Lemma sc_curry_exists {z : SCObj L} (f : SCHom (sc_prod z c) d) :
  exists g : SCHom z sc_exp, sc_g g = curry TX (sc_g f) /\
    exp_side_eval (sc_alpha c) (sc_alpha d) ∘ prod_map_l TA (sc_f g) _ = sc_f f /\
    exp_side_eval (sc_beta c) (sc_beta d) ∘ prod_map_l TA (sc_h g) _ = sc_h f.
Proof.
  set (gx := curry TX (sc_g f)).
  assert (Hx : eval TX _ _ ∘ prod_map_l TX gx _ = sc_g f) by apply eval_curry.
  destruct (exp_side_lift (sc_alpha c) (sc_alpha d) (sc_alpha z) gx (sc_f f)
                          (sc_alpha (sc_prod z c))) as [ga [Ga1 Ga2]];
    [exact (sc_prod_alpha_fst z c)|exact (sc_prod_alpha_snd z c)
    |rewrite Hx; exact (sc_alpha_natural f)|].
  destruct (exp_side_lift (sc_beta c) (sc_beta d) (sc_beta z) gx (sc_h f)
                          (sc_beta (sc_prod z c))) as [gb [Gb1 Gb2]];
    [exact (sc_prod_beta_fst z c)|exact (sc_prod_beta_snd z c)
    |rewrite Hx; exact (sc_beta_natural f)|].
  assert (S1 : fmap R gx ∘ sc_alpha z = sc_alpha sc_exp ∘ ga)
    by (unfold sc_exp; rewrite sc_alpha_cospan_of; symmetry; exact Ga1).
  assert (S2 : fmap R gx ∘ sc_beta z = sc_beta sc_exp ∘ gb)
    by (unfold sc_exp; rewrite sc_beta_cospan_of; symmetry; exact Gb1).
  exists (cospan_hom_of z sc_exp ga gx gb S1 S2). auto.
Qed.

Lemma sc_exp_hom_unique {z : SCObj L} (g g' : SCHom z sc_exp) :
  eval TX _ _ ∘ prod_map_l TX (sc_g g) _ = eval TX _ _ ∘ prod_map_l TX (sc_g g') _ ->
  exp_side_eval (sc_alpha c) (sc_alpha d) ∘ prod_map_l TA (sc_f g) _ =
  exp_side_eval (sc_alpha c) (sc_alpha d) ∘ prod_map_l TA (sc_f g') _ ->
  exp_side_eval (sc_beta c) (sc_beta d) ∘ prod_map_l TA (sc_h g) _ =
  exp_side_eval (sc_beta c) (sc_beta d) ∘ prod_map_l TA (sc_h g') _ ->
  g = g'.
Proof.
  intros Ex Ea Eb.
  assert (Gx : sc_g g = sc_g g').
  { transitivity (curry TX (eval TX _ _ ∘ prod_map_l TX (sc_g g) _)); [apply curry_unique; reflexivity|].
    rewrite Ex; symmetry; apply curry_unique; reflexivity. }
  pose proof (sc_alpha_natural g) as Na; pose proof (sc_alpha_natural g') as Na'.
  pose proof (sc_beta_natural g) as Nb; pose proof (sc_beta_natural g') as Nb'.
  unfold sc_exp in Na, Na', Nb, Nb'; rewrite ?sc_alpha_cospan_of, ?sc_beta_cospan_of in *.
  apply SCHom_eq; [apply exp_side_unique| exact Gx |apply exp_side_unique]; auto.
  - transitivity (fmap R (sc_g g) ∘ sc_alpha z); [symmetry; exact Na|rewrite Gx; exact Na'].
  - transitivity (fmap R (sc_g g) ∘ sc_beta z); [symmetry; exact Nb|rewrite Gx; exact Nb'].
Qed.

Lemma sc_exp_is_exponential :
  is_exponential (C:=SC) (sc_prod_fst sc_exp c)
    (sc_prod_snd sc_exp c) sc_eval.
Proof.
  apply exponential_intro; [apply sc_prod_is_product|]. intro z.
  exists (sc_prod z c), (sc_prod_fst z c), (sc_prod_snd z c).
  split; [apply sc_prod_is_product|]. intro f.
  destruct (sc_curry_exists f) as [g [Gx [Ga Gb]]]. exists g. split.
  - intros m M1 M2. destruct (sc_prod_map_components g m M1 M2) as [Ma [Mx Mb]].
    apply SCHom_eq; cbn [comp StrCsp SC_comp sc_f sc_g sc_h sc_eval cospan_hom_of];
      rewrite ?Ma, ?Mx, ?Mb; [exact Ga|rewrite Gx; apply eval_curry|exact Gb].
  - intros g' m M1 M2 Ev. destruct (sc_prod_map_components g' m M1 M2) as [Ma [Mx Mb]].
    destruct (SCHom_components Ev) as [Eva [Evx Evb]].
    cbn [comp StrCsp SC_comp sc_f sc_g sc_h sc_eval cospan_hom_of] in Eva, Evx, Evb.
    rewrite Ma in Eva; rewrite Mx in Evx; rewrite Mb in Evb.
    apply sc_exp_hom_unique.
    + etransitivity; [exact Evx|]. rewrite Gx; symmetry; apply eval_curry.
    + etransitivity; [exact Eva|]. symmetry; exact Ga.
    + etransitivity; [exact Evb|]. symmetry; exact Gb.
Qed.
End SCExponential.

(** * Subobject classifier *)

Local Notation Q := (prod_ob TA (Omega TA) (R (Omega TX))).
Local Notation q1 := (prod_fst TA (Omega TA) (R (Omega TX))).
Local Notation q2 := (prod_snd TA (Omega TA) (R (Omega TX))).
Local Notation HQ := (prod_is_product TA (Omega TA) (R (Omega TX))).

Definition tau : Hom (R (Omega TX)) (Omega TA) := char TA (R_mono_from_one (truth TX)).

Lemma tau_holds {w} (h : Hom w (R (one TX))) : holds TA tau (fmap R (truth TX) ∘ h).
Proof. apply holds_char_iff; exists h; reflexivity. Qed.

(* [Omega_P] is the equalizer of [p ∧ τ q] and [p], i.e. the object of pairs with [p ≤ τ q]. *)
Definition P_test : Hom Q (Omega TA) :=
  and_Omega TA ∘ prod_pair (prod_is_product TA _ _) q1 (tau ∘ q2).

Local Notation Omega_P := (equalizer_ob TA P_test q1).
Local Notation P_incl := (equalizer_incl TA P_test q1).
Definition P_fst : Hom Omega_P (Omega TA) := q1 ∘ P_incl.
Definition P_kappa : Hom Omega_P (R (Omega TX)) := q2 ∘ P_incl.

Lemma P_test_eq_iff {c} (h : Hom c Q) :
  P_test ∘ h = q1 ∘ h <-> Omega_le TA (q1 ∘ h) (tau ∘ (q2 ∘ h)).
Proof.
  unfold P_test. rewrite <- comp_assoc, prod_pair_comp, <- comp_assoc.
  apply and_Omega_eq_fst_iff.
Qed.

Definition P_lift {c} (h : Hom c Q) (H : Omega_le TA (q1 ∘ h) (tau ∘ (q2 ∘ h))) : Hom c Omega_P :=
  equalizer_lift TA P_test q1 h (proj2 (P_test_eq_iff h) H).

Lemma P_lift_fst {c} (h : Hom c Q) H : P_fst ∘ P_lift h H = q1 ∘ h.
Proof. unfold P_fst, P_lift. rewrite <- comp_assoc, equalizer_lift_incl; reflexivity. Qed.

Lemma P_lift_kappa {c} (h : Hom c Q) H : P_kappa ∘ P_lift h H = q2 ∘ h.
Proof. unfold P_kappa, P_lift. rewrite <- comp_assoc, equalizer_lift_incl; reflexivity. Qed.

Lemma P_le {c} (j : Hom c Omega_P) : Omega_le TA (P_fst ∘ j) (tau ∘ (P_kappa ∘ j)).
Proof.
  unfold P_fst, P_kappa; rewrite <- !comp_assoc. apply P_test_eq_iff.
  rewrite !comp_assoc; f_equal; apply equalizer_eq.
Qed.

Lemma P_ext {c} (j j' : Hom c Omega_P) :
  P_fst ∘ j = P_fst ∘ j' -> P_kappa ∘ j = P_kappa ∘ j' -> j = j'.
Proof.
  unfold P_fst, P_kappa; intros E1 E2. apply (equalizer_mono TA P_test q1).
  apply (prod_ext HQ); rewrite !comp_assoc; assumption.
Qed.

Definition P_true : Hom (one TA) Omega_P.
Proof.
  refine (P_lift (prod_pair HQ (truth TA) (fmap R (truth TX) ∘ to_R_one _)) _).
  intros w k _. rewrite prod_pair_snd, holds_assoc, <- comp_assoc. apply tau_holds.
Defined.

Lemma P_true_fst : P_fst ∘ P_true = truth TA.
Proof. unfold P_true; rewrite P_lift_fst; apply prod_pair_fst. Qed.

Lemma P_true_kappa : P_kappa ∘ P_true = fmap R (truth TX) ∘ to_R_one _.
Proof. unfold P_true; rewrite P_lift_kappa; apply prod_pair_snd. Qed.

Lemma P_true_holds {w} (r : Hom w (one TA)) : holds TA P_fst (P_true ∘ r).
Proof. unfold holds; rewrite comp_assoc, P_true_fst; f_equal; apply to_one_eq. Qed.

Lemma P_eq_true {w} (j : Hom w Omega_P) :
  holds TA P_fst j -> P_kappa ∘ j = fmap R (truth TX) ∘ to_R_one w -> j = P_true ∘ to_one TA w.
Proof.
  intros H1 H2. apply P_ext; rewrite comp_assoc.
  - rewrite P_true_fst; exact H1.
  - rewrite H2, P_true_kappa, <- comp_assoc; f_equal; apply to_R_one_eq.
Qed.

Definition Omega_S : SCObj L := cospan_of Omega_P Omega_P (Omega TX) P_kappa P_kappa.

Definition sc_truth : SCHom sc_one Omega_S.
Proof.
  refine (cospan_hom_of sc_one Omega_S P_true (truth TX) P_true _ _);
    unfold Omega_S, sc_one; rewrite ?sc_alpha_cospan_of, ?sc_beta_cospan_of;
    symmetry; apply P_true_kappa.
Defined.

Section ClassifierSide.
Context {xU xD : X} {mx : Hom xU xD} (Mx : mono mx) {aU aD : A} {ma : Hom aU aD} (Ma : mono ma)
  {alphaU : Hom aU (R xU)} {alphaD : Hom aD (R xD)} (Sq : fmap R mx ∘ alphaU = alphaD ∘ ma).

Local Notation chx := (char TX Mx).

Lemma R_char_mono {w} (w0 : Hom w (R xU)) :
  fmap R chx ∘ (fmap R mx ∘ w0) = fmap R (truth TX) ∘ to_R_one w.
Proof.
  pose proof (holds_char_mono TX Mx) as C; unfold holds in C.
  rewrite comp_assoc, <- fmap_comp, C, fmap_comp, <- comp_assoc; f_equal; apply to_R_one_eq.
Qed.

Definition side_char_pair : Hom aD Q := prod_pair HQ (char TA Ma) (fmap R chx ∘ alphaD).

Lemma side_char_le : Omega_le TA (q1 ∘ side_char_pair) (tau ∘ (q2 ∘ side_char_pair)).
Proof.
  unfold side_char_pair; rewrite prod_pair_fst, prod_pair_snd.
  intros w k H. apply holds_char_iff in H as [j <-].
  rewrite holds_assoc, <- comp_assoc, (comp_assoc _ _ _ _ _ alphaD), <- Sq, <- comp_assoc.
  rewrite R_char_mono. apply tau_holds.
Qed.

Definition side_char : Hom aD Omega_P := P_lift side_char_pair side_char_le.

Lemma side_char_fst : P_fst ∘ side_char = char TA Ma.
Proof. unfold side_char; rewrite P_lift_fst; apply prod_pair_fst. Qed.

Lemma side_char_kappa : P_kappa ∘ side_char = fmap R chx ∘ alphaD.
Proof. unfold side_char; rewrite P_lift_kappa; apply prod_pair_snd. Qed.

Lemma side_char_mono : side_char ∘ ma = P_true ∘ to_one TA aU.
Proof.
  apply P_eq_true.
  - unfold holds; rewrite comp_assoc, side_char_fst. exact (holds_char_mono TA Ma).
  - rewrite comp_assoc, side_char_kappa, <- comp_assoc, <- Sq. apply R_char_mono.
Qed.

Lemma side_char_holds {w} (k : Hom w aD) (r : Hom w (one TA)) :
  side_char ∘ k = P_true ∘ r -> holds TA (char TA Ma) k.
Proof.
  intro E. rewrite <- side_char_fst, holds_assoc, E. apply P_true_holds.
Qed.

Lemma side_true_factor (phi : Hom aD Omega_P) (Hk : P_kappa ∘ phi = fmap R chx ∘ alphaD)
    {w} (k : Hom w aD) :
  holds TA P_fst (phi ∘ k) ->
  phi ∘ k = P_true ∘ to_one TA w /\ exists w0, fmap R mx ∘ w0 = alphaD ∘ k.
Proof.
  intro H.
  assert (Ht : holds TA (tau ∘ (P_kappa ∘ phi)) k) by (apply P_le; rewrite holds_assoc; exact H).
  rewrite Hk, holds_assoc in Ht. apply holds_char_iff in Ht as [j0 Ej0].
  assert (E : fmap R chx ∘ (alphaD ∘ k) = fmap R (truth TX) ∘ j0)
    by (rewrite comp_assoc, Ej0; reflexivity).
  set (w0 := pb_pair (R_pullback (char_pullback TX Mx (to_one TX xU))) _ _ E).
  assert (Hw0 : fmap R mx ∘ w0 = alphaD ∘ k) by apply pb_pair_fst.
  split; [|exists w0; exact Hw0].
  apply P_eq_true; [exact H|]. rewrite comp_assoc, Hk, <- comp_assoc, <- Hw0. apply R_char_mono.
Qed.
(* Let $D$ be a virtual knot diagram of a virtual knot. Then $D$ can be transformed into the trivial knot diagram by a finite sequence of (classical) Reidemeister moves, virtual Reidemeister moves, and forbidden detour moves. Moreover, if $D$ has $c$ real crossings, then this can be done using at most $\frac{(c-1)(2c^{2}+11c-3)}{24}$ forbidden detour moves if $c$ is odd, and at most $\frac{c(2c^{2}+9c-14)}{24}$ forbidden detour moves if $c$ is even.
   Context: Virtual knots are equivalence classes of virtual knot diagrams (planar diagrams with real (classical) crossings and virtual crossings) under classical Reidemeister moves and virtual Reidemeister moves; equivalently, equivalence classes of Gauss diagrams under the Gauss-diagram versions of the Reidemeister moves. The Gauss diagram of a diagram with $c$ real crossings is an oriented circle with $c$ signed arrows, one per real crossing, joining the two preimages of the crossing (oriented from the over-crossing preimage to the under-crossing preimage, signed by the local writhe of the crossing); virtual crossings are not recorded. A forbidden detour move (the $F_2'$-move of Kanenobu) is the local move on virtual knot diagrams whose effect on the Gauss diagram is the following: if the head of one arrow and the tail of a different arrow are adjacent on the circle (no other arrow endpoints between them), their positions are exchanged, with all signs kept. The trivial knot diagram is the diagram with no crossings. *)

(* Virtual knot diagrams modulo virtual Reidemeister moves
   are encoded by their Gauss diagrams, written as cyclic Gauss words. *)
From mathcomp Require Import all_boot all_algebra.
Set Implicit Arguments. Unset Strict Implicit. Unset Printing Implicit Defensive.
Import GRing.Theory.

(* An arrow endpoint: (label, is_head, sign).  is_head = false : tail
   (over-crossing preimage), is_head = true : head (under-crossing preimage);
   sign = true : local writhe +1, sign = false : local writhe -1. *)
Definition letter := (nat * bool * bool)%type.
Definition gword := seq letter.

Definition lbl (e : letter) : nat := e.1.1.
Definition is_head (e : letter) : bool := e.1.2.
Definition sgnb (e : letter) : bool := e.2.

Definition tl (n : nat) (s : bool) : letter := (n, false, s).
Definition hd (n : nat) (s : bool) : letter := (n, true, s).

Definition labels (w : gword) : seq nat := map lbl w.

Definition gauss_word (w : gword) : Prop :=
  forall n, n \in labels w ->
    exists s, [/\ count (pred1 (tl n s)) w = 1%N,
                  count (pred1 (hd n s)) w = 1%N &
                  count (fun e => lbl e == n) w = 2%N].

Definition trivial_gword : gword := [::].

Definition sgn (b : bool) : int := if b then 1%R else (-1)%R.

(* Three strands
   (top, middle, bottom) pairwise cross; arrow a : top -> middle,
   arrow b : top -> bottom, arrow c : middle -> bottom.  T, M, B are the
   2-letter fragments of the three strands (in the order met along the
   orientation).  A planar R3 triangle is given by its orientation tau and by
   alpha_i = whether strand i runs along the cyclic orientation A->B->C of the
   triangle (A = a, B = c, C = b as vertices); this determines both the
   order of endpoints on each fragment and the crossing signs. *)
Definition r3_triangle (T M B : gword) : Prop :=
  exists (a b c : nat) (ea eb ec tau al1 al2 al3 : bool),
    [/\ uniq [:: a; b; c],
        (sgn ea = sgn tau * sgn al1 * sgn al2)%R,
        (sgn eb = - (sgn tau * sgn al1 * sgn al3))%R,
        (sgn ec = sgn tau * sgn al2 * sgn al3)%R &
      [/\ T = (if al1 then [:: tl b eb; tl a ea] else [:: tl a ea; tl b eb]),
          M = (if al2 then [:: hd a ea; tl c ec] else [:: tl c ec; hd a ea]) &
          B = (if al3 then [:: hd c ec; hd b eb] else [:: hd b eb; hd c ec])]].

Inductive rmove : gword -> gword -> Prop :=
| rm_rot w : rmove w (rot 1 w)
| rm_R1_del u v m s (h : bool) :
    rmove (u ++ [:: (m, h, s); (m, ~~ h, s)] ++ v) (u ++ v)
| rm_R1_ins u v m s (h : bool) : m \notin labels (u ++ v) ->
    rmove (u ++ v) (u ++ [:: (m, h, s); (m, ~~ h, s)] ++ v)
| rm_R2_del u1 u2 u3 m n s (o p : bool) : m != n ->
    let X := [:: tl m s; tl n (~~ s)] in
    let Y := if o then [:: hd m s; hd n (~~ s)] else [:: hd n (~~ s); hd m s] in
    rmove (u1 ++ (if p then X else Y) ++ u2 ++ (if p then Y else X) ++ u3)
          (u1 ++ u2 ++ u3)
| rm_R2_ins u1 u2 u3 m n s (o p : bool) : m != n ->
    m \notin labels (u1 ++ u2 ++ u3) -> n \notin labels (u1 ++ u2 ++ u3) ->
    let X := [:: tl m s; tl n (~~ s)] in
    let Y := if o then [:: hd m s; hd n (~~ s)] else [:: hd n (~~ s); hd m s] in
    rmove (u1 ++ u2 ++ u3)
          (u1 ++ (if p then X else Y) ++ u2 ++ (if p then Y else X) ++ u3)
| rm_R3 u1 u2 u3 u4 (P Q R T M B : gword) :
    r3_triangle T M B -> perm_eq [:: P; Q; R] [:: T; M; B] ->
    rmove (u1 ++ P ++ u2 ++ Q ++ u3 ++ R ++ u4)
          (u1 ++ rev P ++ u2 ++ rev Q ++ u3 ++ rev R ++ u4).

· · · ·

Repeat, character for character, the lines of the material above from the line with "exp_side_eval (sc_beta c) (sc_beta d) ∘ prod_map_l TA (sc_h g')" through the line with "Local Notation q1".

  exp_side_eval (sc_beta c) (sc_beta d) ∘ prod_map_l TA (sc_h g') _ ->
  g = g'.
Proof.
  intros Ex Ea Eb.
  assert (Gx : sc_g g = sc_g g').
  { transitivity (curry TX (eval TX _ _ ∘ prod_map_l TX (sc_g g) _)); [apply curry_unique; reflexivity|].
    rewrite Ex; symmetry; apply curry_unique; reflexivity. }
  pose proof (sc_alpha_natural g) as Na; pose proof (sc_alpha_natural g') as Na'.
  pose proof (sc_beta_natural g) as Nb; pose proof (sc_beta_natural g') as Nb'.
  unfold sc_exp in Na, Na', Nb, Nb'; rewrite ?sc_alpha_cospan_of, ?sc_beta_cospan_of in *.
  apply SCHom_eq; [apply exp_side_unique| exact Gx |apply exp_side_unique]; auto.
  - transitivity (fmap R (sc_g g) ∘ sc_alpha z); [symmetry; exact Na|rewrite Gx; exact Na'].
  - transitivity (fmap R (sc_g g) ∘ sc_beta z); [symmetry; exact Nb|rewrite Gx; exact Nb'].
Qed.

Lemma sc_exp_is_exponential :
  is_exponential (C:=SC) (sc_prod_fst sc_exp c)
    (sc_prod_snd sc_exp c) sc_eval.
Proof.
  apply exponential_intro; [apply sc_prod_is_product|]. intro z.
  exists (sc_prod z c), (sc_prod_fst z c), (sc_prod_snd z c).
  split; [apply sc_prod_is_product|]. intro f.
  destruct (sc_curry_exists f) as [g [Gx [Ga Gb]]]. exists g. split.
  - intros m M1 M2. destruct (sc_prod_map_components g m M1 M2) as [Ma [Mx Mb]].
    apply SCHom_eq; cbn [comp StrCsp SC_comp sc_f sc_g sc_h sc_eval cospan_hom_of];
      rewrite ?Ma, ?Mx, ?Mb; [exact Ga|rewrite Gx; apply eval_curry|exact Gb].
  - intros g' m M1 M2 Ev. destruct (sc_prod_map_components g' m M1 M2) as [Ma [Mx Mb]].
    destruct (SCHom_components Ev) as [Eva [Evx Evb]].
    cbn [comp StrCsp SC_comp sc_f sc_g sc_h sc_eval cospan_hom_of] in Eva, Evx, Evb.
    rewrite Ma in Eva; rewrite Mx in Evx; rewrite Mb in Evb.
    apply sc_exp_hom_unique.
    + etransitivity; [exact Evx|]. rewrite Gx; symmetry; apply eval_curry.
    + etransitivity; [exact Eva|]. symmetry; exact Ga.
    + etransitivity; [exact Evb|]. symmetry; exact Gb.
Qed.
End SCExponential.

(** * Subobject classifier *)

Local Notation Q := (prod_ob TA (Omega TA) (R (Omega TX))).
Local Notation q1 := (prod_fst TA (Omega TA) (R (Omega TX))).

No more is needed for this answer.